◆ **WORK TASK**
Using the records that appear below, write out exactly the lines from the one with "Section Projection." through the one with "B (fun x => a", keeping both end lines.

◆ **SOURCE DATA**
+ + + + +

Lemma form_approx_min_orthogonal u z : S u -> S z ->
  (forall eta, 0 < eta -> exists p, [/\ S p, B p p < eta &
     forall s, B (fun x => u x - p x) (fun x => u x - p x)
               < B (fun x => u x - p x + s * z x) (fun x => u x - p x + s * z x)
                 + eta]) ->
  B u z = 0.
Proof.
move=> Su Sz approx; apply: (@quadratic_ge0_lin_coef0 _ _ (B z z)) => s.
apply/ler_addgt0Pr => eta eta_gt0.
have [p [Sp Bp_lt min_p]] := approx eta eta_gt0.
set q := fun x => u x - p x.
have Sq : S q by exact: lin_closedB.
have expand_q : B (fun x => q x + s * z x) (fun x => q x + s * z x)
    = B q q + 2 * s * (B u z - B p z) + s ^+ 2 * B z z.
  rewrite (_ : (fun x => q x + s * z x) = (fun x => 1 * q x + s * z x)).
    by rewrite form_comb2 // [B q z]formBl //; ring.
  by apply/funext => x; rewrite mul1r.
have := B_ge0 (lin_closed_comb2 S_lin 1 s Sp Sz).
rewrite form_comb2 //; have := min_p s; rewrite -/q expand_q.
nra.
Qed.

End SymmetricForms.

Section Projection.
Variables (T : Type) (R : realType) (S D : set (T -> R)).
Variable B : (T -> R) -> (T -> R) -> R.
Hypotheses (S_lin : lin_closed S) (D_lin : lin_closed D) (D_sub : D `<=` S).
Hypothesis BC : forall u v, S u -> S v -> B u v = B v u.
Hypothesis BDl : forall a u v w, S u -> S v -> S w ->
  B (fun x => a * u x + v x) w = a * B u w + B v w.
Hypothesis B_ge0 : forall u, S u -> 0 <= B u u.
Hypothesis D_complete : forall u : nat -> T -> R, (forall n, D (u n)) ->
  form_cauchy B u -> exists2 v, D v & form_cvg B u v.

Variable w : T -> R.
Hypothesis Sw : S w.

Let dist (v : T -> R) := B (fun x => w x - v x) (fun x => w x - v x).
Let dist_inf := inf (dist @` D).

Lemma dist_lbound : has_lbound (dist @` D).
Proof.
by exists 0 => _ [v Dv <-]; apply: B_ge0; apply: lin_closedB Sw (D_sub Dv).
Qed.

Lemma dist_inf_le v : D v -> dist_inf <= dist v.
Proof. by move=> Dv; apply: (ge_inf dist_lbound); exists v. Qed.

Lemma minimizing_seq_exists : exists vs : nat -> T -> R,
  forall n, D (vs n) /\ dist (vs n) < dist_inf + n.+1%:R^-1.
Proof.
suff /choice[vs vsP] : forall n, exists v, D v /\ dist v < dist_inf + n.+1%:R^-1.
  by exists vs.
move=> n.
have [_ [v Dv <-] lt_v] : exists2 r, (dist @` D) r & r < dist_inf + n.+1%:R^-1.
  apply: inf_adherent; first by rewrite invr_gt0 ltr0Sn.
  split; first by exists (dist (fun=> 0)), (fun=> 0) => //; exact: D_lin.1.
  exact: dist_lbound.
by exists v.
Qed.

+ + + + +

◆ **WRITTEN ANSWER**
Section Projection.
Variables (T : Type) (R : realType) (S D : set (T -> R)).
Variable B : (T -> R) -> (T -> R) -> R.
Hypotheses (S_lin : lin_closed S) (D_lin : lin_closed D) (D_sub : D `<=` S).
Hypothesis BC : forall u v, S u -> S v -> B u v = B v u.
Hypothesis BDl : forall a u v w, S u -> S v -> S w ->
  B (fun x => a * u x + v x) w = a * B u w + B v w.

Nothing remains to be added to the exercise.